== Segment start ==
Lemma peval_pmink P Q x : peval (pmink P Q) x = mink (ppeval P x) (ppeval Q x).
Proof.
  unfold pmink, mink, ppeval; cbn [fst snd].
  rewrite peval_app, !peval_mult, peval_const; ring.
Qed.

Lemma ppeval_pvars x : ppeval pvars x = x.
Proof. unfold ppeval; cbn [fst snd pvars]; rewrite peval_var0, peval_var1; now destruct x. Qed.

Lemma ppeval_pshift y x : ppeval (pshift y) x = padd x y.
Proof.
  unfold ppeval, padd; cbn [fst snd pshift].
  now rewrite !peval_app, peval_var0, peval_var1, !peval_const.
Qed.

Definition k_den (y : pt) : poly2 := pmink (pshift y) (pshift y).
Definition k_num (y : pt) : poly2 := pmink pvars pvars ++ pconst (- mink y y).

Lemma peval_k_den y x : peval (k_den y) x = mink (padd x y) (padd x y).
Proof. unfold k_den; now rewrite peval_pmink, ppeval_pshift. Qed.

Lemma peval_k_num y x : peval (k_num y) x = mink x x - mink y y.
Proof. unfold k_num; rewrite peval_app, peval_pmink, ppeval_pvars, peval_const; ring. Qed.

Definition u_ratmap (y : pt) : ratmap :=
  RatMap (pmult (pconst (fst y)) (k_den y) ++ pmult (k_num y) (fst (pshift y))) (k_den y)
         (pmult (pconst (snd y)) (k_den y) ++ pmult (k_num y) (snd (pshift y))) (k_den y).

Lemma u_ratmap_spec y x : Rdom x y ->
  rdefined (u_ratmap y) x /\ reval (u_ratmap y) x = u_map x y.
Proof.
  intros HD; unfold rdefined, reval, u_ratmap; cbn [num0 den0 num1 den1 fst snd pshift].
  rewrite !peval_app, !peval_mult, !peval_const, peval_k_den, peval_k_num,
    !peval_app, peval_var0, peval_var1, !peval_const.
  split; [split; exact HD|].
  unfold Rdom, u_map, kfun, padd, pscal in *; simpl; f_equal; field; exact HD.
Qed.

Definition u_dom (y : pt) : poly2 := pmult (k_den y) (k_num y).

Lemma peval_u_dom y x : peval (u_dom y) x = mink (padd x y) (padd x y) * (mink x x - mink y y).
Proof. unfold u_dom; now rewrite peval_mult, peval_k_den, peval_k_num. Qed.
(* Let $\lambda=(\lambda_1,\dots,\lambda_n)\in\mathbb{R}^n$. (i) Let $Q=(I_1,\dots,I_r)$ be a block for $\lambda$. If $Q$ is positive, then $s_{I_1}(\lambda)+\dots+s_{I_i}(\lambda)>0$ for all $i\in\{1,\dots,r\}$; if $Q$ is negative, then $s_{I_i}(\lambda)+\dots+s_{I_r}(\lambda)\le0$ for all $i\in\{1,\dots,r\}$. (ii) Let $P\in\mathcal{P}_{ord}(n)$, $P=Q_1\cdots Q_k$ a block decomposition of $P$, and $l\in\{1,\dots,k-1\}$. Suppose $P\in\mathcal{P}_{ord}(\lambda)$ and that $Q_l$ is negative or $Q_{l+1}$ is positive. Then $P':=Q_1\cdots Q_{l-1}Q_{l+1}Q_lQ_{l+2}\cdots Q_k\in\mathcal{P}_{ord}(\lambda)$, $|P'|=|P|$ and $\varepsilon(P')=(-1)^{n_ln_{l+1}}\varepsilon(P)$, where $n_l,n_{l+1}$ are the sizes of $Q_l,Q_{l+1}$. Assume now in addition that $\lambda_1+\dots+\lambda_n>0$ and $N(\lambda)=n$. (iii) Let $P=(I_1,\dots,I_r)\in\mathcal{P}_{ord}(\lambda)$, $k\in\{1,\dots,r\}$ and $i_1<\dots<i_k$ in $\{1,\dots,r\}$. Then there is a unique block decomposition $P=Q_1\cdots Q_k$ such that $I_{i_l}$ is a center of $Q_l$ for every $l\in\{1,\dots,k\}$. Moreover $Q_1$ is positive and, if $k\ge2$, $Q_k$ is negative. (iv) Let $P=(I_1,\dots,I_r)\in\mathcal{P}_{ord}(\lambda)$ and $P=Q_1\cdots Q_k$ a block decomposition of $P$. Then there is a unique $s\in\{1,\dots,r\}$ such that $P':=(I_s,\dots,I_r,I_1,\dots,I_{s-1})\in\mathcal{P}_{ord}(\lambda)$, and $P'$ is of the form $Q_l\cdots Q_kQ_1\cdots Q_{l-1}$ for a uniquely determined $l\in\{1,\dots,k\}$.
   Context: $s_J(\lambda)=\sum_{i\in J}\lambda_i$. $\delta(\lambda)$ is the minimum of $s_J(\lambda)/|J|$ over subsets $J$ with $s_J(\lambda)>0$; $N(\lambda)$ is the minimum of $|J|$ over subsets with $s_J(\lambda)/|J|=\delta(\lambda)$. $\mathcal{P}_{ord}(n)$: ordered partitions $P=(I_1,\dots,I_k)$ of $\{1,\dots,n\}$ into nonempty blocks, $|P|=k$; $\mathcal{P}_{ord}(\lambda)$: those with $s_{I_1}(\lambda)+\dots+s_{I_i}(\lambda)>0$ for all $i$. $\varepsilon(P)=\mathrm{sgn}(\sigma_P)$ with $\sigma_P$ the unique permutation such that $\sigma_P^{-1}$ maps $\{n_1+\dots+n_i+1,\dots,n_1+\dots+n_{i+1}\}$ increasingly onto $I_{i+1}$ ($n_i=|I_i|$). Blocks: an ordered partition $Q=(I_1,\dots,I_r)$ of a subset $I\subset\{1,\dots,n\}$ (its support; its size is $|I|$) is a block with center $I_k$ ($k\in\{1,\dots,r\}$) if $s_{I_1}(\lambda)+\dots+s_{I_i}(\lambda)>0$ for all $i\in\{1,\dots,k-1\}$ and $s_{I_j}(\lambda)+\dots+s_{I_r}(\lambda)\le0$ for all $j\in\{k+1,\dots,r\}$; $Q$ is a block if it is a block with some center; it is positive if $s_I(\lambda)>0$ and negative otherwise. A block decomposition of $P\in\mathcal{P}_{ord}(n)$ is a sequence of blocks $Q_1,\dots,Q_k$, $Q_l=(I^l_1,\dots,I^l_{r_l})$, with $P=(I^1_1,\dots,I^1_{r_1},\dots,I^k_1,\dots,I^k_{r_k})$, written $P=Q_1\cdots Q_k$. *)

(* Indices {1,...,n} are rendered as 'I_n (0-based). *)
From HB Require Import structures.
From mathcomp Require Import all_boot all_order all_fingroup all_algebra.
Set Implicit Arguments. Unset Strict Implicit. Unset Printing Implicit Defensive.
Import Order.TTheory GRing.Theory Num.Theory.
Local Open Scope ring_scope.

Section Defs.
Variables (R : realFieldType) (n : nat) (lam : 'I_n -> R).

Definition sJ (J : {set 'I_n}) : R := \sum_(i in J) lam i.

Definition ssum (Q : seq {set 'I_n}) : R := \sum_(I <- Q) sJ I.

(* delta(lambda): min of s_J/|J| over J with s_J > 0 (the default value is
   irrelevant whenever some J has s_J > 0, e.g. when s_{[n]} > 0) *)
Definition delta : R :=
  \big[Order.min/(sJ setT / n%:R)]_(J : {set 'I_n} | 0 < sJ J) (sJ J / #|J|%:R).

Definition Nlam : nat :=
  \big[minn/n]_(J : {set 'I_n} | (0 < sJ J) && (sJ J / #|J|%:R == delta)) #|J|.

Definition supp (Q : seq {set 'I_n}) : {set 'I_n} := \bigcup_(I <- Q) I.
End Defs.

Section Defs2.
Variables (n : nat).

Definition opart (Q : seq {set 'I_n}) : Prop :=
  (forall I, I \in Q -> I != set0) /\
  (forall i j, (i < j < size Q)%N -> [disjoint nth set0 Q i & nth set0 Q j]).

Definition Pord (P : seq {set 'I_n}) : Prop := opart P /\ supp P = setT.

(* epsilon(P) = sgn(sigma_P), where sigma_P^{-1} sends the positions
   n_1+..+n_i+1 .. n_1+..+n_{i+1} increasingly onto I_{i+1}; i.e.
   sigma_P^{-1} p = nth p w p with w the concatenation of the increasingly
   enumerated blocks.  sgn(sigma_P) = sgn(sigma_P^{-1}). *)
Definition eps (R : realFieldType) (P : seq {set 'I_n}) : R :=
  let w := flatten (map (fun B : {set 'I_n} => enum B) P) in
  match [pick s : {perm 'I_n} | [forall p, s p == nth p w p]] with
  | Some s => (-1) ^+ (odd_perm s)
  | None => 0
  end.
End Defs2.

Section Defs3.
Variables (R : realFieldType) (n : nat) (lam : 'I_n -> R).

Definition Pord_lam (P : seq {set 'I_n}) : Prop :=
  Pord P /\ (forall i, (1 <= i <= size P)%N -> 0 < ssum lam (take i P)).

Definition center_pos (Q : seq {set 'I_n}) (c : nat) : Prop :=
  (c < size Q)%N /\
  (forall j, (1 <= j <= c)%N -> 0 < ssum lam (take j Q)) /\
  (forall j, (c < j < size Q)%N -> ssum lam (drop j Q) <= 0).

Definition is_center (Q : seq {set 'I_n}) (C : {set 'I_n}) : Prop :=
  opart Q /\ exists c, nth set0 Q c = C /\ center_pos Q c.

Definition is_block (Q : seq {set 'I_n}) : Prop :=
  opart Q /\ exists c, center_pos Q c.

Definition positive (Q : seq {set 'I_n}) : Prop := 0 < sJ lam (supp Q).
Definition negative (Q : seq {set 'I_n}) : Prop := ~ positive Q.

Definition block_decomp (P : seq {set 'I_n}) (Qs : seq (seq {set 'I_n})) : Prop :=
  (forall Q, Q \in Qs -> is_block Q) /\ P = flatten Qs.
End Defs3.
(* For any prime $p>3$, $$\sum_{k=1}^{p-1} {(1/2)_k^2\over (1)_k^2}\cdot{1\over k}\equiv -2H_{(p-1)/2}(1)\pmod{p^3},$$ $$\sum_{k=1}^{p-1} {(1/2)_k^2\over (1)_k^2}\cdot{1\over k^2}\equiv -2H_{(p-1)/2}(1)^2\pmod{p^2}.$$
   Context: $(y)_n=y(y+1)\cdots(y+n-1)$ denotes the Pochhammer symbol, and $H_n(1)=\sum_{k=1}^n \frac1k$. Congruences between rational numbers modulo $p^j$ mean that the difference is a rational number whose numerator is divisible by $p^j$ and whose denominator is prime to $p$. *)

From mathcomp Require Import all_boot all_order all_algebra.
Set Implicit Arguments. Unset Strict Implicit. Unset Printing Implicit Defensive.
Import Order.TTheory GRing.Theory Num.Theory.
Local Open Scope ring_scope.

Definition poch (y : rat) (n : nat) : rat := \prod_(i < n) (y + i%:R).

Definition harm (n : nat) : rat := \sum_(1 <= k < n.+1) (k%:R)^-1.

Definition rat_congr (p j : nat) (a b : rat) : Prop :=
  ((p ^ j)%:Z %| numq (a - b))%Z /\ coprime `|denq (a - b)|%N p.

From HB Require Import structures.
From mathcomp Require Import all_boot all_order all_algebra.
From mathcomp Require Import ring zify.
Set Implicit Arguments. Unset Strict Implicit. Unset Printing Implicit Defensive.
Import Order.TTheory GRing.Theory Num.Theory.
Local Open Scope ring_scope.

(* The summand is the value at x = -1/2 of hterm x k = (-x)_k (x+1)_k / k!^2, which
   equals P_k((x + 1/2)^2) / k!^2 with P_k in Z_(p)[X].  At a natural number x = m
   the two sums equal -2 H_m and -2 H_m^2: they satisfy a first-order difference
   equation in x whose right-hand side is a closed-form partial sum.
   For p = 2n + 1 the points x = -1/2, n, n + p give (x + 1/2)^2 = 0, s, 9 s with
   s = p^2/4, so the second sums agree mod p^2 at -1/2 and n, while for the first
   sums S(n + p) - 9 S(n) + 8 S(-1/2) = 0 mod p^4.  It remains to show
   S(n + p) = S(n) mod p^3: telescoping the difference equation from n to n + p, the
   steps below p contribute -2/(p - m), and together with the steps at p and p + m
   (explicit products of factors 1 + O(p)) they cancel modulo p^3. *)

(* [pint p] is the local ring Z_(p) and [pdvd p j] its ideal p^j Z_(p). *)
Definition pint (p : nat) : {pred rat} := fun x => coprime `|denq x| p.

Lemma pint_frac (p : nat) (a b : int) : coprime `|b| p -> a%:~R / b%:~R \in pint p.
Proof.
move=> cbp; have [-> | b0] := eqVneq b 0.
  by rewrite invr0 mulr0 unfold_in /pint /= coprime1n.
set x := a%:~R / b%:~R.
have e : numq x * b = a * denq x.
  by apply: (@intr_inj rat); rewrite !intrM numqE /x; field; rewrite intr_eq0.
have : (`|denq x| %| `|numq x| * `|b|)%N by rewrite -abszM e abszM dvdn_mull.
rewrite Gauss_dvdr 1?coprime_sym ?coprime_num_den // => dvd_den_b.
by rewrite unfold_in /pint /=; apply: coprime_dvdl cbp.
Qed.

Fact pint_subring_closed p : subring_closed (pint p).
Proof.
have frac x : x = (numq x)%:~R / (denq x)%:~R by rewrite divq_num_den.
have cop x : x \in pint p -> coprime `|denq x| p by rewrite unfold_in.
split=> [|x y /cop px /cop py|x y /cop px /cop py].
- by rewrite unfold_in /pint /= coprime1n.
- rewrite (frac x) (frac y) -[_ - _]/(_ + _) -mulNr -intrN addf_div ?intr_eq0 ?denq_neq0 //.
  by rewrite -!intrM -intrD pint_frac // abszM coprimeMl px py.
- by rewrite (frac x) (frac y) mulf_div -!intrM pint_frac // abszM coprimeMl px py.
Qed.

HB.instance Definition _ p := GRing.isSubringClosed.Build rat (pint p) (pint_subring_closed p).

Lemma pint_natV (p n : nat) : coprime n p -> n%:R^-1 \in pint p.
Proof. by move=> cnp; have := @pint_frac p 1 n cnp; rewrite div1r pmulrn. Qed.

Definition pdvd (p j : nat) : {pred rat} := fun x => x / p%:R ^+ j \in pint p.

Lemma pdvdE p j x : (x \in pdvd p j) = (x / p%:R ^+ j \in pint p).
Proof. by []. Qed.

Fact pdvd_zmod_closed p j : zmod_closed (pdvd p j).
Proof. by split=> [|x y]; rewrite !pdvdE ?mul0r ?rpred0 // mulrBl; apply: rpredB. Qed.

HB.instance Definition _ p j := GRing.isZmodClosed.Build rat (pdvd p j) (pdvd_zmod_closed p j).

Section PDivisibility.
Variable p : nat.
Implicit Types (x y a : rat).

Lemma pdvdMl j a x : a \in pint p -> x \in pdvd p j -> a * x \in pdvd p j.
Proof. by rewrite !pdvdE -mulrA; apply: rpredM. Qed.

Lemma pdvdMr j a x : a \in pint p -> x \in pdvd p j -> x * a \in pdvd p j.
Proof. by rewrite mulrC; apply: pdvdMl. Qed.

Lemma pdvdM i j x y : x \in pdvd p i -> y \in pdvd p j -> x * y \in pdvd p (i + j).
Proof. by rewrite !pdvdE exprD invfM mulrACA; apply: rpredM. Qed.

Lemma pdvd_divp j x : x \in pdvd p j.+1 -> x / p%:R \in pdvd p j.
Proof. by rewrite !pdvdE exprS invfM mulrA. Qed.

Lemma pdvd0 x : (x \in pdvd p 0) = (x \in pint p).
Proof. by rewrite pdvdE expr0 divr1. Qed.

Hypothesis p_gt0 : (0 < p)%N.

Let p_neq0 : p%:R != 0 :> rat. Proof. by rewrite pnatr_eq0 -lt0n. Qed.

Lemma pdvd_pexp j : p%:R ^+ j \in pdvd p j.
Proof. by rewrite pdvdE divff ?rpred1 // expf_neq0. Qed.

Lemma pdvd_p : p%:R \in pdvd p 1.
Proof. by rewrite -[p%:R]expr1 pdvd_pexp. Qed.

Lemma pdvdW i j x : (i <= j)%N -> x \in pdvd p j -> x \in pdvd p i.
Proof.
move=> le_ij; rewrite -(subnKC le_ij) !pdvdE => pjx.
suff -> : x / p%:R ^+ i = p%:R ^+ (j - i) * (x / p%:R ^+ (i + (j - i))).
  by rewrite rpredM ?rpredX ?rpred_nat.
by rewrite exprD; field; rewrite !expf_neq0.
Qed.

Lemma pint_pdvd j x : x \in pdvd p j -> x \in pint p.
Proof. by rewrite -pdvd0; apply: pdvdW. Qed.

Lemma prod1D_sub1_pdvd (I : eqType) (r : seq I) j (w : I -> rat) :
  {in r, forall i, w i \in pdvd p j} -> \prod_(i <- r) (1 + w i) - 1 \in pdvd p j.
Proof.
elim: r => [|a r IHr] pw; first by rewrite big_nil subrr rpred0.
have {}IHr : \prod_(i <- r) (1 + w i) - 1 \in pdvd p j.
  by apply: IHr => i ri; apply: pw; rewrite inE ri orbT.
have pP : \prod_(i <- r) (1 + w i) \in pint p.
  by rewrite -[X in X \in _](subrK 1) rpredD ?rpred1 ?(pint_pdvd IHr).
by rewrite big_cons mulrDl mul1r addrAC rpredD // pdvdMr // pw // mem_head.
Qed.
== Segment end ==
Instructions for the task
Everything starting at the line containing "now rewrite !peval_app, peval_var0, peval_var1, !peval_const." and ending at the line containing "Lemma peval_k_num y" in the records above should be repeated exactly, and only that.

Answer to this problem
  now rewrite !peval_app, peval_var0, peval_var1, !peval_const.
Qed.

Definition k_den (y : pt) : poly2 := pmink (pshift y) (pshift y).
Definition k_num (y : pt) : poly2 := pmink pvars pvars ++ pconst (- mink y y).

Lemma peval_k_den y x : peval (k_den y) x = mink (padd x y) (padd x y).
Proof. unfold k_den; now rewrite peval_pmink, ppeval_pshift. Qed.

Lemma peval_k_num y x : peval (k_num y) x = mink x x - mink y y.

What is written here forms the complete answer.